§ EXERCISE DIRECTIONS: The lines wanted run from the first one below through the one with "Lemma FU_minimal n". Return them exactly.

[Source records]

End WordOf.

Lemma word_of_graded_word s n : graded_word s -> (n.+1 <= degree s)%N ->
  exists k (x : 'I_k -> V) (d : 'I_k -> nat),
    [/\ (0 < k)%N, forall i, (1 <= d i)%N /\ F (d i) (x i),
        (n.+1 <= \sum_(i < k) d i)%N & s = word_of d x].
Proof.
move=> gs ns; set t := in_tuple s; set x := fun i => (tnth t i).2.
exists (size s), x, (fun i => (tnth t i).1).
rewrite -(degree_word_of _ x) -word_ofE.
split=> // [|i]; last exact/gs/mem_tnth.
by case: s ns {gs t x} => //; rewrite /degree big_nil.
Qed.

Lemma FU_monomial n s : graded_word s -> (n <= degree s)%N ->
  FU F iota n (monomial s).
Proof.
rewrite /FU; case: n => [//|n] gs.
case/(word_of_graded_word gs)=> k [x [d [k0 gx dx ->]]].
by apply: span_gen; exists k, x, d; rewrite monomial_word_of.
Qed.

Lemma FUR_star_monomial n s : graded_word s -> (n <= degree s)%N ->
  FUR F R iota n (star_monomial s).
Proof.
rewrite /FUR; case: n => [//|n] gs.
case/(word_of_graded_word gs)=> k [x [d [k0 gx dx ->]]].
by apply: span_gen; exists k, x, d; rewrite star_monomial_word_of.
Qed.

Lemma subspace_FU n : subspace (FU F iota n).
Proof. by rewrite /FU; case: n => [|n] /=; [split | apply: subspace_span]. Qed.

Lemma subspace_FUR n : subspace (FUR F R iota n).
Proof. by rewrite /FUR; case: n => [|n] /=; [split | apply: subspace_span]. Qed.

Lemma FU_minimal n P u : (0 < n)%N -> subspace P ->
  (forall s, graded_word s -> (n <= degree s)%N -> P (monomial s)) ->
  FU F iota n u -> P u.
Proof.
rewrite /FU; case: n => // n _ sP Pmon /=.
apply: span_minimal sP _ _ => _ [k [x [d [_ gx dx ->]]]].
rewrite -(monomial_word_of d); apply: Pmon; last by rewrite degree_word_of.
exact: graded_word_of.
Qed.

Lemma FUR_minimal n P u : (0 < n)%N -> subspace P ->
  (forall s, graded_word s -> (n <= degree s)%N -> P (star_monomial s)) ->
  FUR F R iota n u -> P u.
Proof.
rewrite /FUR; case: n => // n _ sP Pstar /=.
apply: span_minimal sP _ _ => _ [k [x [d [_ gx dx ->]]]].
rewrite -(star_monomial_word_of d); apply: Pstar; last by rewrite degree_word_of.
exact: graded_word_of.
Qed.

End Words.

Section Filtrations.
Variables (K : fieldType) (V : lmodType K) (A : algType K).
Variables (br : V -> V -> V) (F : nat -> V -> Prop) (R : V -> V) (iota : V -> A).
Hypothesis F_br : forall n m x y, (1 <= n)%N -> (1 <= m)%N -> F n x -> F m y ->
  F (n + m)%N (br x y).
Hypothesis F_R : forall n x, (1 <= n)%N -> F n x -> F n (R x).
Hypothesis iota_br : forall x y, iota (br x y) = iota x * iota y - iota y * iota x.

Local Notation graded_word := (graded_word F).
Local Notation monomial := (monomial iota).
Local Notation star_monomial := (star_monomial R iota).

Lemma commutator_monomial P e c s : subspace P -> (1 <= e)%N -> F e c ->
  graded_word s ->
  (forall t, graded_word t -> size t = size s -> (e + degree s <= degree t)%N ->
     P (monomial t)) ->
  P (iota c * monomial s - monomial s * iota c).
Proof.
move=> + e_gt0 Fc; elim: s P => [|[d x] s IH] P sP.
  by rewrite /monomial big_nil mul1r mulr1 subrr; move=> *; apply: subspace0.
case/graded_word_cons=> -[/= d_gt0 Fx] gs Pmon; rewrite monomial_cons /=.
have -> : iota c * (iota x * monomial s) - iota x * monomial s * iota c =
    iota (br c x) * monomial s + iota x * (iota c * monomial s - monomial s * iota c).
  by rewrite iota_br mulrBl mulrBr !mulrA addrA addrNK.
apply: (subspaceD sP).
  rewrite -[_ * _](monomial_cons iota ((e + d)%N, br c x)); apply: Pmon => /=.
  - by apply/graded_word_cons; split=> //; split=> /=; [lia | apply: F_br].
  - by [].
  - by rewrite !degree_cons /=; lia.
apply: (IH (fun u => P (iota x * u))) => //.
  exact: subspace_preimage (linear_mull _) sP.
move=> t gt st dt; rewrite -[_ * _](monomial_cons iota (d, x)); apply: Pmon => /=.
- by apply/graded_word_cons.
- by rewrite st.
- by rewrite !degree_cons /=; lia.
Qed.
(* Let $a,b,c,n_1,n_2,n_3,\ell$ be integers with $n_1a+n_2b+n_3c=0$ and $n_1^2+n_2^2+n_3^2=\ell^2$, and put $u'=(a,b,c)$, $n=(n_1,n_2,n_3)$. Then there exists $v=(a',b',c')\in\mathbb{Z}^3$ such that $\ell u'$ and $v$ define a lattice square in the plane with normal $n$; that is, $v\cdot n=0$, $v\cdot(\ell u')=0$ and $|v|=|\ell u'|$.
   Context: $\cdot$ and $|\cdot|$ denote the standard dot product and Euclidean norm in $\mathbb{R}^3$. *)

From Stdlib Require Import ZArith.
Open Scope Z_scope.

Definition dot3 (x y : Z * Z * Z) : Z :=
  let '(x1, x2, x3) := x in let '(y1, y2, y3) := y in
  x1 * y1 + x2 * y2 + x3 * y3.

Definition norm2 (x : Z * Z * Z) : Z := dot3 x x.

Definition scale3 (k : Z) (x : Z * Z * Z) : Z * Z * Z :=
  let '(x1, x2, x3) := x in (k * x1, k * x2, k * x3).

(* The witness is the cross product n x u'.  It is orthogonal to n and to u',
   hence to l u', and Lagrange's identity |n x u'|^2 = |n|^2 |u'|^2 - (n . u')^2
   gives |n x u'|^2 = l^2 |u'|^2 = |l u'|^2 because n . u' = 0 and |n|^2 = l^2. *)

From Stdlib Require Import ZArith.
Open Scope Z_scope.

Definition cross3 (x y : Z * Z * Z) : Z * Z * Z :=
  let '(x1, x2, x3) := x in let '(y1, y2, y3) := y in
  (x2 * y3 - x3 * y2, x3 * y1 - x1 * y3, x1 * y2 - x2 * y1).

Lemma dot3_cross3_l (x y : Z * Z * Z) : dot3 (cross3 x y) x = 0.
Proof. destruct x as [[x1 x2] x3], y as [[y1 y2] y3]; unfold dot3, cross3; ring. Qed.

Lemma dot3_cross3_r (x y : Z * Z * Z) : dot3 (cross3 x y) y = 0.
Proof. destruct x as [[x1 x2] x3], y as [[y1 y2] y3]; unfold dot3, cross3; ring. Qed.

Lemma dot3_scale3_r (k : Z) (x y : Z * Z * Z) :
  dot3 x (scale3 k y) = k * dot3 x y.
Proof. destruct x as [[x1 x2] x3], y as [[y1 y2] y3]; unfold dot3, scale3; ring. Qed.

Lemma norm2_scale3 (k : Z) (x : Z * Z * Z) :
  norm2 (scale3 k x) = k ^ 2 * norm2 x.
Proof. destruct x as [[x1 x2] x3]; unfold norm2, dot3, scale3; ring. Qed.

Lemma norm2_cross3 (x y : Z * Z * Z) :
  norm2 (cross3 x y) = norm2 x * norm2 y - dot3 x y ^ 2.
Proof.
  destruct x as [[x1 x2] x3], y as [[y1 y2] y3]; unfold norm2, dot3, cross3; ring.
Qed.

Theorem theorem2p3 (a b c n1 n2 n3 l : Z) :
  n1 * a + n2 * b + n3 * c = 0 ->
  n1 ^ 2 + n2 ^ 2 + n3 ^ 2 = l ^ 2 ->
  exists v : Z * Z * Z,
    dot3 v (n1, n2, n3) = 0 /\
    dot3 v (scale3 l (a, b, c)) = 0 /\
    norm2 v = norm2 (scale3 l (a, b, c)).
Proof.
  intros n_perp_u norm_n.
  assert (norm2_n : norm2 (n1, n2, n3) = l ^ 2)
    by (rewrite <- norm_n; unfold norm2, dot3; ring).
  exists (cross3 (n1, n2, n3) (a, b, c)); split; [|split].
  - apply dot3_cross3_l.
  - rewrite dot3_scale3_r, dot3_cross3_r; ring.
  - rewrite norm2_cross3, norm2_scale3, norm2_n.
    unfold dot3; rewrite n_perp_u; ring.
Qed.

§ TASK RESULT:
End WordOf.

Lemma word_of_graded_word s n : graded_word s -> (n.+1 <= degree s)%N ->
  exists k (x : 'I_k -> V) (d : 'I_k -> nat),
    [/\ (0 < k)%N, forall i, (1 <= d i)%N /\ F (d i) (x i),
        (n.+1 <= \sum_(i < k) d i)%N & s = word_of d x].
Proof.
move=> gs ns; set t := in_tuple s; set x := fun i => (tnth t i).2.
exists (size s), x, (fun i => (tnth t i).1).
rewrite -(degree_word_of _ x) -word_ofE.
split=> // [|i]; last exact/gs/mem_tnth.
by case: s ns {gs t x} => //; rewrite /degree big_nil.
Qed.

Lemma FU_monomial n s : graded_word s -> (n <= degree s)%N ->
  FU F iota n (monomial s).
Proof.
rewrite /FU; case: n => [//|n] gs.
case/(word_of_graded_word gs)=> k [x [d [k0 gx dx ->]]].
by apply: span_gen; exists k, x, d; rewrite monomial_word_of.
Qed.

Lemma FUR_star_monomial n s : graded_word s -> (n <= degree s)%N ->
  FUR F R iota n (star_monomial s).
Proof.
rewrite /FUR; case: n => [//|n] gs.
case/(word_of_graded_word gs)=> k [x [d [k0 gx dx ->]]].
by apply: span_gen; exists k, x, d; rewrite star_monomial_word_of.
Qed.

Lemma subspace_FU n : subspace (FU F iota n).
Proof. by rewrite /FU; case: n => [|n] /=; [split | apply: subspace_span]. Qed.

Lemma subspace_FUR n : subspace (FUR F R iota n).
Proof. by rewrite /FUR; case: n => [|n] /=; [split | apply: subspace_span]. Qed.

Lemma FU_minimal n P u : (0 < n)%N -> subspace P ->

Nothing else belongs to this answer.